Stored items

________

Lemma leaf_ind_edge_prob_le1 (nd : bf_node R n V) :
  edge_prob x nd true + edge_prob x nd false <= 1 ->
  leaf_ind nd v + edge_prob x nd true + edge_prob x nd false <= 1.
Proof.
by rewrite /leaf_ind; case: nd => [i|c|w] /=; rewrite ?add0r // !addr0 lern1 leq_b1.
Qed.

Lemma out_prob_upto_in01 N t : substochastic t -> 0 <= out_prob_upto t x v N <= 1.
Proof.
elim: N t => [|N IHN] t t_sub; first by rewrite /out_prob_upto big_ord0 lexx ler01.
rewrite out_prob_uptoS.
have [e0 e1 /leaf_ind_edge_prob_le1 le1] := t_sub [::].
have leaf_ge0 : 0 <= leaf_ind (t [::]) v by [].
have /andP[a0 a1] := IHN _ (substochastic_subtree true t_sub).
have /andP[b0 b1] := IHN _ (substochastic_subtree false t_sub).
by nra.
Qed.

Lemma nondecreasing_out_prob_upto t :
  substochastic t -> nondecreasing_seq (out_prob_upto t x v).
Proof.
move=> t_sub; apply/nondecreasing_seqP => N; elim: N t t_sub => [|N IHN] t t_sub.
  by have /andP[] := out_prob_upto_in01 1 t_sub; rewrite /out_prob_upto big_ord0.
rewrite (out_prob_uptoS t x v N) (out_prob_uptoS t x v N.+1).
have [e0 e1 _] := t_sub [::].
by rewrite -!addrA; apply: lerD => //; apply: lerD; apply: ler_wpM2l => //;
  exact/IHN/substochastic_subtree.
Qed.

Definition out_prob t : R := sup (range (out_prob_upto t x v)).

Lemma out_prob_upto_cvg t : substochastic t -> out_prob_upto t x v @ \oo --> out_prob t.
Proof.
move=> t_sub; apply: nondecreasing_cvgn; first exact: nondecreasing_out_prob_upto.
by exists 1 => _ [N _ <-]; have /andP[] := out_prob_upto_in01 N t_sub.
Qed.

Lemma out_probE t : substochastic t ->
  out_prob t = leaf_ind (t [::]) v + edge_prob x (t [::]) true * out_prob (subtree t true)
             + edge_prob x (t [::]) false * out_prob (subtree t false).
Proof.
move=> t_sub; have := out_prob_upto_cvg t_sub.
rewrite -cvg_shiftS => /cvg_lim <- //; apply: cvg_lim => //.
under eq_cvg do rewrite /= out_prob_uptoS.
have sub_cvg b : out_prob_upto (subtree t b) x v @ \oo --> out_prob (subtree t b).
  exact/out_prob_upto_cvg/substochastic_subtree.
by apply: cvgD; [apply: cvgD|]; [exact: cvg_cst|..]; apply: cvgM => //; exact: cvg_cst.
Qed.

End FactoryRecursion.

Lemma halt_prob_upto_sum (R : realType) n (V : finType) (t : bf_tree R n V) x N :
  halt_prob_upto t x N = \sum_(v : V) out_prob_upto t x v N.
Proof.
rewrite /halt_prob_upto /out_prob_upto exchange_big; apply: eq_bigr => k _.
rewrite exchange_big; apply: eq_bigr => p _.
case: (t p) => [i|c|w] /=; try by rewrite big1.
by rewrite -big_mkcond (big_pred1 w) // => u; rewrite eq_sym.
Qed.

Lemma terminates_of_outputs (R : realType) n (V : finType) (t : bf_tree R n V) x
    (q : V -> R) :
  (forall v, outputs_with_prob t x v (q v)) -> \sum_(v : V) q v = 1 ->
  (fun N => 1 - halt_prob_upto t x N) @ \oo --> (0 : R).
Proof.
move=> t_q q_sum1; under eq_cvg do rewrite halt_prob_upto_sum.
have sum_cvg : (fun N => \sum_(v : V) out_prob_upto t x v N) @ \oo --> \sum_(v : V) q v.
  exact: (cvg_big add_continuous _ (fun v _ => t_q v)).
by have := cvgB (cvg_cst (1 : R)) sum_cvg; rewrite q_sum1 subrr; apply.
Qed.
Lemma Ftau_germ0_tau_wide : exists F F', Ftau_pair F F' /\ germ0 F tau (tpow 1).
Proof.
  pose proof tpow_sums as (S1 & S2 & S3). pose proof tpow_chain as (C4 & C43 & C32 & C21 & C1).
  pose proof (tpow_opp1_mul 1) as M. pose proof (tpow_succ 1) as T2.
  change (1 + 1)%Z with 2%Z in M, T2.
  pose proof (PL_bij_affine 0 (tpow 1) 0 (tpow 2) 1 ltac:(lra) Ztau_0 (Ztau_tpow 1) Ztau_0
                ltac:(rewrite T2, tpow_1; ring)) as B1.
  pose proof (PL_bij_affine (tpow 1) 1 (tpow 2) 1 (- 1) ltac:(lra)
                (Ztau_tpow 1) Ztau_1 (Ztau_tpow 2)
                ltac:(replace (1 - tpow 1) with (tpow 2) by lra; lra)) as B2.
  eexists; eexists; split; [exact (Ftau_pair_of_PL_bij _ _ (PL_bij_glue _ _ _ _ _ _ _ _ _ _ B1 B2))|].
  split; [lra|]. intros x Hx. rewrite extend_by_id_in, glue_left by lra. rewrite tpow_1. ring.
Qed.

(** * The commutator subgroup consists of compactly supported elements *)

Definition comm (f f' g g' : R -> R) : R -> R := comp f' (comp g' (comp f g)).

Lemma Ftau_pair_comm f f' g g' : Ftau_pair f f' -> Ftau_pair g g' ->
  Ftau_pair (comm f f' g g') (comm g g' f f').
Proof.
  intros Hf Hg.
  exact (Ftau_pair_comp _ _ _ _ (Ftau_pair_sym _ _ Hf)
           (Ftau_pair_comp _ _ _ _ (Ftau_pair_sym _ _ Hg) (Ftau_pair_comp _ _ _ _ Hf Hg))).
Qed.

Lemma germ0_comm f f' g g' s t e1 e2 : germ0 f s e1 -> germ0 g t e2 -> 0 < s -> 0 < t ->
  inverse_of f' f -> inverse_of g' g -> exists e, germ0 (comm f f' g g') 1 e.
Proof.
  intros Hf Hg Hs Ht HIf HIg.
  pose proof (germ0_comp _ _ _ _ _ _ Hf Hg Ht) as C1.
  pose proof (germ0_comp _ _ _ _ _ _ (germ0_inv _ _ _ _ Hg Ht HIg) C1
                ltac:(apply Rmult_lt_0_compat; assumption)) as C2.
  pose proof (germ0_comp _ _ _ _ _ _ (germ0_inv _ _ _ _ Hf Hs HIf) C2
                ltac:(apply Rmult_lt_0_compat; [apply Rinv_0_lt_compat | apply Rmult_lt_0_compat];
                      assumption)) as C3.
  eexists. replace 1 with (/ s * (/ t * (s * t))) by (field; lra). exact C3.
Qed.

Lemma reflect_comm f f' g g' :
  reflect (comm f f' g g') = comm (reflect f) (reflect f') (reflect g) (reflect g').
Proof. unfold comm. rewrite !reflect_comp. reflexivity. Qed.

Lemma germ1_comm f f' g g' s t e1 e2 : germ1 f s e1 -> germ1 g t e2 -> 0 < s -> 0 < t ->
  inverse_of f' f -> inverse_of g' g -> exists e, germ1 (comm f f' g g') 1 e.
Proof.
  unfold germ1. rewrite reflect_comm. intros Hf Hg Hs Ht HIf HIg.
  exact (germ0_comm _ _ _ _ _ _ _ _ Hf Hg Hs Ht (reflect_inverse _ _ HIf) (reflect_inverse _ _ HIg)).
Qed.

Lemma comm_compact_supp f f' g g' : Ftau_pair f f' -> Ftau_pair g g' ->
  compact_supp (comm f f' g g').
Proof.
  intros Hf Hg. pose proof (Ftau_pair_comm _ _ _ _ Hf Hg) as (HC & _).
  pose proof Hf as (F1 & _ & FI). pose proof Hg as (G1 & _ & GI).
  destruct (Ftau_has_germ0 f F1) as (k1 & e1 & A1), (Ftau_has_germ0 g G1) as (k2 & e2 & A2).
  destruct (Ftau_has_germ1 f F1) as (m1 & d1 & B1), (Ftau_has_germ1 g G1) as (m2 & d2 & B2).
  destruct (germ0_comm _ _ _ _ _ _ _ _ A1 A2 (tpow_pos k1) (tpow_pos k2) FI GI) as [e He].
  destruct (germ1_comm _ _ _ _ _ _ _ _ B1 B2 (tpow_pos m1) (tpow_pos m2) FI GI) as [e' He'].
  exact (compact_supp_of_germs _ _ _ HC He He').
Qed.
Lemma codim1_sumsp A B N : subspace A -> subspace B -> codim1 A N ->
  subsp B N -> forall b, B b -> ~ A b -> codim1 A (sumsp A B).
Proof.
move=> sA sB cA BN b Bb nAb; split.
  move=> y Ay; exists y, 0; rewrite addr0.
  by split=> //; split=> //; apply: subspace0.
exists b; split; first by exists 0, b; rewrite add0r; split=> //; apply: subspace0.
split=> // _ [y [z [Ay [Bz ->]]]].
have [a Aza] := codim1_generator sA cA (BN _ Bb) nAb (BN _ Bz).
exists a, (y + (z - a *: b)); split; first exact: subspaceD.
by rewrite addrCA [a *: b + _]addrC subrK.
Qed.

Lemma codim1_sumsp_eq E E' N y : subspace N -> subspace E -> subspace E' ->
  codim1 E N -> codim1 E' N -> E' y -> ~ E y -> seteq (sumsp E E') N.
Proof.
move=> sN sE sE' cE cE' E'y nEy v; split.
  case=> x [x' [Ex [E'x' ->]]].
  by apply: (subspaceD sN); [apply: cE.1 | apply: cE'.1].
move=> Nv; have [a Eva] := codim1_generator sE cE (cE'.1 _ E'y) nEy Nv.
exists (v - a *: y), (a *: y); split=> //; split; last by rewrite subrK.
exact: subspaceZ.
Qed.

Lemma adjacent_witness E E' : subspace E -> adjacent E E' ->
  exists y, E' y /\ ~ E y.
Proof.
move=> sE [[_ [u [[x [y [Ex [E'y ->]]]] [nExy _]]]] _].
by exists y; split=> // Ey; apply: nExy; apply: subspaceD.
Qed.

Lemma codim1_adjacent E E' N : subspace E -> subspace E' ->
  codim1 E N -> codim1 E' N -> ~ seteq E E' -> adjacent E E'.
Proof.
move=> sE sE' cE cE' neqEE'.
have nEE' : ~ subsp E E' by move/(codim1_subsp_eq sE sE' cE cE').
have [[e [Ee nE'e]] [e' [E'e' nEe']]] := codim1_witnesses sE sE' cE cE' nEE'.
split; first exact: (codim1_sumsp sE sE' cE cE'.1 E'e' nEe').
exact: codim1_seteq (sumspC E' E) (codim1_sumsp sE' sE cE' cE.1 Ee nE'e).
Qed.

Lemma adjacent_codim1P E E' N : subspace N -> subspace E -> subspace E' ->
  adjacent E E' -> (codim1 E N /\ codim1 E' N) <-> seteq (sumsp E E') N.
Proof.
move=> sN sE sE' adjEE'; split=> [[cE cE']|eqN].
  have [y [E'y nEy]] := adjacent_witness sE adjEE'.
  exact: (codim1_sumsp_eq sN sE sE' cE cE' E'y nEy).
by split; apply: (codim1_seteq eqN); [exact: adjEE'.1 | exact: adjEE'.2].
Qed.

End Codim1.

Theorem lemma2p2 (K : unitRingType) (hK : division_ring K) (V : lmodType K)
  (hdim : dim_gt2 V) (hGne : exists X : V -> Prop, inG X)
  (N : V -> Prop) (hN : subspace N)
  (hX : exists X : V -> Prop, inG X /\ codim1 X N) :
  (forall E : V -> Prop, subspace E -> codim1 E N -> inG E)
  /\ (forall E E' : V -> Prop, subspace E -> subspace E' ->
        codim1 E N -> codim1 E' N -> ~ seteq E E' -> adjacent E E')
  /\ (forall E E' : V -> Prop, inG E -> inG E' -> adjacent E E' ->
        ((codim1 E N /\ codim1 E' N) <-> seteq (sumsp E E') N)).
Proof.
have [X [GX cX]] := hX.
split; first by move=> E sE cE; exact: (codim1_inG hK GX cX sE cE).
split.
  by move=> E E' sE sE' cE cE'; exact: (codim1_adjacent hK sE sE' cE cE').
by move=> E E' [sE _] [sE' _]; exact: (adjacent_codim1P hK hN sE sE').
Qed.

________

(INSTRUCTIONS FOR THE TASK) Quote, word for word, every line from the top of the entries through the line that holds "under eq_cvg do rewrite /= out_prob_uptoS.".

(ANSWER TO THE EXERCISE)
Lemma leaf_ind_edge_prob_le1 (nd : bf_node R n V) :
  edge_prob x nd true + edge_prob x nd false <= 1 ->
  leaf_ind nd v + edge_prob x nd true + edge_prob x nd false <= 1.
Proof.
by rewrite /leaf_ind; case: nd => [i|c|w] /=; rewrite ?add0r // !addr0 lern1 leq_b1.
Qed.

Lemma out_prob_upto_in01 N t : substochastic t -> 0 <= out_prob_upto t x v N <= 1.
Proof.
elim: N t => [|N IHN] t t_sub; first by rewrite /out_prob_upto big_ord0 lexx ler01.
rewrite out_prob_uptoS.
have [e0 e1 /leaf_ind_edge_prob_le1 le1] := t_sub [::].
have leaf_ge0 : 0 <= leaf_ind (t [::]) v by [].
have /andP[a0 a1] := IHN _ (substochastic_subtree true t_sub).
have /andP[b0 b1] := IHN _ (substochastic_subtree false t_sub).
by nra.
Qed.

Lemma nondecreasing_out_prob_upto t :
  substochastic t -> nondecreasing_seq (out_prob_upto t x v).
Proof.
move=> t_sub; apply/nondecreasing_seqP => N; elim: N t t_sub => [|N IHN] t t_sub.
  by have /andP[] := out_prob_upto_in01 1 t_sub; rewrite /out_prob_upto big_ord0.
rewrite (out_prob_uptoS t x v N) (out_prob_uptoS t x v N.+1).
have [e0 e1 _] := t_sub [::].
by rewrite -!addrA; apply: lerD => //; apply: lerD; apply: ler_wpM2l => //;
  exact/IHN/substochastic_subtree.
Qed.

Definition out_prob t : R := sup (range (out_prob_upto t x v)).

Lemma out_prob_upto_cvg t : substochastic t -> out_prob_upto t x v @ \oo --> out_prob t.
Proof.
move=> t_sub; apply: nondecreasing_cvgn; first exact: nondecreasing_out_prob_upto.
by exists 1 => _ [N _ <-]; have /andP[] := out_prob_upto_in01 N t_sub.
Qed.

Lemma out_probE t : substochastic t ->
  out_prob t = leaf_ind (t [::]) v + edge_prob x (t [::]) true * out_prob (subtree t true)
             + edge_prob x (t [::]) false * out_prob (subtree t false).
Proof.
move=> t_sub; have := out_prob_upto_cvg t_sub.
rewrite -cvg_shiftS => /cvg_lim <- //; apply: cvg_lim => //.
under eq_cvg do rewrite /= out_prob_uptoS.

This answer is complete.